Daily thunderstorms have kept us from straying too far from our home here in the Smokies this past week, but we’ve managed to get out early in the mornings on most days to spend a little time outdoors. One morning we headed into the park nearby to spend some time flyfishing. Although we didn’t reel anything in, we had a few good bites, with a couple of them being good-sized trout. Besides, just being out there wading in the chilly water, whilst listening to the symphony of birdsong filling the air, mixed with that of rushing water, makes it great fun whether you catch any fish or not! At one point I had just made the perfect cast, landing my wee bumble bee lure directly under a tree limb hanging out over the water, and within seconds a fish hit it, tugging it enough to cause me to let out a wee shout in excitement!
The plus side of the daily showers is the higher water levels in our river, making tubing a much more thrilling adventure! We traded in daily walks or bike rides for tubing most days, and boy have we been having fun! I’m filled with excitement each time we go as if it’s the first time, and can’t wait to get my wetsuit on and head down to the water. The louder the roar of the whitewater, the more excited I get, as I jump onto my tube and hang on. The big dips that send you flying up into the air, causing you to leave the icy water below before coming back down are obviously some of the best sections of whitewater, and there are several like this in the section we tube. Our rides down vary according to the speed at which the river is flowing, and the walk back follows alongside the river and is quite picturesque. Then it’s time to go down again whilst enjoying yet another thrilling ride. On mornings when the water levels are lower and it’s clear, we love snorkeling and watching the different species of fish found in our streams here in the Smokies. I personally love finding deep pools with just the right water current, so it creates an endless pool in which I can swim and swim, and I love every minute of it!
Here in our gardens, flowers continue to bloom and we’ll be enjoying fresh peppers off of our pepper plants soon! Our resident Carolina Wrens are raising their second batch of precious babies, while some of our other babies are growing, such as one of our Praying Mantises that lives on the front deck. I’ve watched this particular one grow from a wee small baby, and it’s big enough that it acts like it can take on the world now! Recently, I was sitting out in my favorite chair on the front deck enjoying the warm sun for a few minutes, and over walks “P.M.” the praying mantis on the nearby handrail. It stopped and looked at me while raising both arms as if it was going to try and karate chop me, and the next thing I knew it jumped over onto my neck, missing my face by mere millimeters! Obviously, it caught me off guard as I wasn’t expecting it to do that, so I carefully got it and placed it on the rosebush beside me. Of course, it immediately lifted both arms as if saying “I will take you on and chop you!” Like they say, dynamite comes in small packages and that is surely the case with P.M.!
~ In The Studio ~
I finished a miniature painting this past week inspired by our visit to the gorgeous Three Sisters Springs in Florida last fall. We kayaked to this picturesque location and spent over an hour there while I blissfully snorkeled. We didn’t see any manatees there during our visit, but since they frequent the area, especially in the winter months, I decided to add them to my painting. A dream of mine is to be able to swim with a manatee, so for now, this is as close as it gets for me.

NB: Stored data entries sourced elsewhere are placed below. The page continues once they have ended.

(* Let $D_+\to\mathcal E\xrightarrow{q}\mathcal C$ be a linear extension of a small category $\mathcal C$ by a natural system $D$, and let $(\mathcal C,S)$ be a quasi-schemoid. Assume that for every morphism $f$ of $\mathcal C$ the homomorphisms $f_*$ and $f^*$ are invertible, and that $D_{1_{s(f)}}\cong D_{1_{s(g)}}$ whenever $f,g$ lie in a common block $\sigma\in S$. Then $\mathcal E$ admits a unique quasi-schemoid structure $\widetilde S$ such that $q:(\mathcal E,\widetilde S)\to(\mathcal C,S)$ is a morphism of quasi-schemoids and the induced map $\widetilde S\to S$ (sending a block to the block containing its image) is injective; namely $\widetilde S=\{q^{-1}(\sigma)\}_{\sigma\in S}$.
   Context: Write $s(f),t(f)$ for source and target. A quasi-schemoid is a pair $(\mathcal C,S)$ with $\mathcal C$ a small category and $S$ a partition of $mor(\mathcal C)$ into nonempty blocks such that for all $\sigma,\tau,\mu\in S$ and $f,g\in\mu$ the sets $\{(a,b)\in\sigma\times\tau: s(a)=t(b), a\circ b=f\}$ and the analogous set for $g$ have equal cardinality. A morphism of quasi-schemoids is a functor mapping each block into some block. The category of factorizations $F(\mathcal C)$ has objects the morphisms of $\mathcal C$ and morphisms $f\to g$ the pairs $(\alpha,\beta)$ with $g=\alpha f\beta$, composition $(\alpha',\beta')(\alpha,\beta)=(\alpha'\alpha,\beta\beta')$. A natural system is a functor $D:F(\mathcal C)\to\mathbb K\text{-Mod}$, $f\mapsto D_f$; for composable $f,g$ put $f_*=D(f,1):D_g\to D_{fg}$ and $g^*=D(1,g):D_f\to D_{fg}$. A linear extension $D_+\to\mathcal E\xrightarrow{q}\mathcal C$ (Baues–Wirsching) consists of a category $\mathcal E$ with the same objects and a full functor $q$ that is the identity on objects, such that for each morphism $f$ of $\mathcal C$ the abelian group $D_f$ acts transitively and freely on $q^{-1}(f)$ (written $f_0+\alpha$), and $(f_0+\alpha)(g_0+\beta)=f_0g_0+f_*\beta+g^*\alpha$. *)

From HB Require Import structures.
From mathcomp Require Import all_boot all_algebra.
Set Implicit Arguments. Unset Strict Implicit. Unset Printing Implicit Defensive.
Import GRing.Theory.
Local Open Scope ring_scope.

Record Cat (O : Type) := MkCat {
  CHom : O -> O -> Type;
  cid : forall x, CHom x x;
  ccomp : forall x y z, CHom y z -> CHom x y -> CHom x z;
  comp_idl : forall x y (f : CHom x y), ccomp (cid y) f = f;
  comp_idr : forall x y (f : CHom x y), ccomp f (cid x) = f;
  compA : forall w x y z (h : CHom y z) (g : CHom x y) (f : CHom w x),
      ccomp h (ccomp g f) = ccomp (ccomp h g) f }.
Arguments CHom {O} c _ _ : rename.
Arguments cid {O} c x : rename.
Arguments ccomp {O} c {x y z} : rename.
(* Join the base point to such a point j by a finite connected Q inside d(Z).
   A late separator X avoids Q, so Q lies in d(X); but X was chosen with the
   base point outside d(X). *)
Lemma trap_no_limit_point : ~ exists j, forall n, d (trap n) j.
Proof.
  intros [j hj].
  assert (hx0 : d Z (d_point Z)) by (apply d_point_spec; auto).
  assert (hjZ : d Z j).
  { apply (d_antitone Z (trap 0)); auto; [apply trap_finite|intros y hy; left; auto]. }
  destruct (d_connected Z hZ _ j hx0 hjZ) as [Q [fQ [sQ [qx0 qj]]]].
  destruct (finite_eventually (fun n x => (exists k, grow k x) -> grow n x) Q) as [N hN].
  - intros n m x hnm hh he. apply (grow_mono n m hnm). auto.
  - apply connectoid_finite; auto.
  - intros x _. destruct (classic (exists k, grow k x)) as [[k hk]|hn].
    + exists k. auto.
    + exists 0. intros he; contradiction.
  - set (X := separator (grow N)).
    destruct (epsilon_spec inhabited_set _ (separates_exists (grow N) (grow_finite N)))
      as [fX [disX sepX]]; fold X in fX, disX, sepX.
    assert (hXsub : subset X (trap (S N))) by (intros y hy; right; right; auto).
    assert (hQX : subset Q (d X)).
    { apply d_absorb; auto; [apply F_connected; auto| |].
      - intros x hx hxX. apply (disX x hxX). split.
        + apply (hN x hx). exists (S N). right; auto.
        + apply (d_avoids Z x hZ (sQ x hx)).
      - exists j. split; auto. apply (d_antitone X (trap (S N))); auto. apply trap_finite. }
    apply (sepX (d_point Z)).
    + apply (grow_mono 0 N); [lia|reflexivity].
    + apply (d_avoids Z _ hZ hx0).
    + apply hQX; auto.
Qed.

Lemma trap_cofinal X : finite X -> exists n, subset (d (trap n)) (d X).
Proof.
  intros hX. apply NNPP; intros hn. apply trap_no_limit_point.
  destruct (finite_meets_decreasing (fun n => d (trap n)) X) as [j [_ hj]]; auto.
  - apply trap_antitone.
  - intros n. apply NNPP; intros hmeet. apply hn. exists n.
    apply d_subset_of_avoid; auto; [apply trap_finite|].
    intros x hx hXx. apply hmeet. exists x; auto.
  - exists j; auto.
Qed.

Lemma direction_end_trapped : exists w, is_end F w /\ forall A, finite A -> isK F A w (d A).
Proof.
  set (g := fun k (_ : T -> Prop) => trap k).
  assert (hg : forall k B, finite B -> finite (g k B)) by (intros; apply trap_finite).
  apply (end_of_beads (chain_bead g)).
  - intros n. apply (chain_bead_spec g hg n).
  - apply (chain_beads_meet g hg).
  - intros X hX. destruct (trap_cofinal X hX) as [n hn]. exists (S n). intros k hk.
    exists (d_point (chain_set g k)). split; [apply (chain_bead_ends g hg k)|].
    apply hn, (d_antitone (trap n) (chain_set g k)); try apply trap_finite;
      try apply chain_set_finite; auto; [|apply d_point_spec, chain_set_finite; auto].
    intros y hy. apply (chain_set_mono g (S n) k hk), (g_in_chain_set g n), hy.
Qed.

End Trapped.

Lemma direction_end : exists w, is_end F w /\ forall A, finite A -> isK F A w (d A).
Proof.
  destruct (classic (forall Z, finite Z ->
              exists W, finite W /\ dominating W /\ forall x, W x -> ~ Z x)) as [hA|hnA].
  - apply direction_end_dominated, hA.
  - apply not_all_ex_not in hnA as [Z hZ]. apply imply_to_and in hZ as [hZ hn].
    apply (direction_end_trapped Z hZ). intros W hW hdom. apply NNPP; intros hne.
    apply hn. exists W. repeat split; auto. intros x hx hz. apply hne. exists x; auto.
Qed.

End Direction.

End Connectoid.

Wes has spent most of his time working on office work for the SAA dealing with catalog editing and other things associated with the upcoming exhibition at the Briscoe Museum this fall. This is his most recent miniature painting featuring our very own Carolina Wren, Peedeepeeps, sitting atop the Carolina Jasmine which was full of bloom at the time, adding to the beauty of the moment and captured forever in a little gem!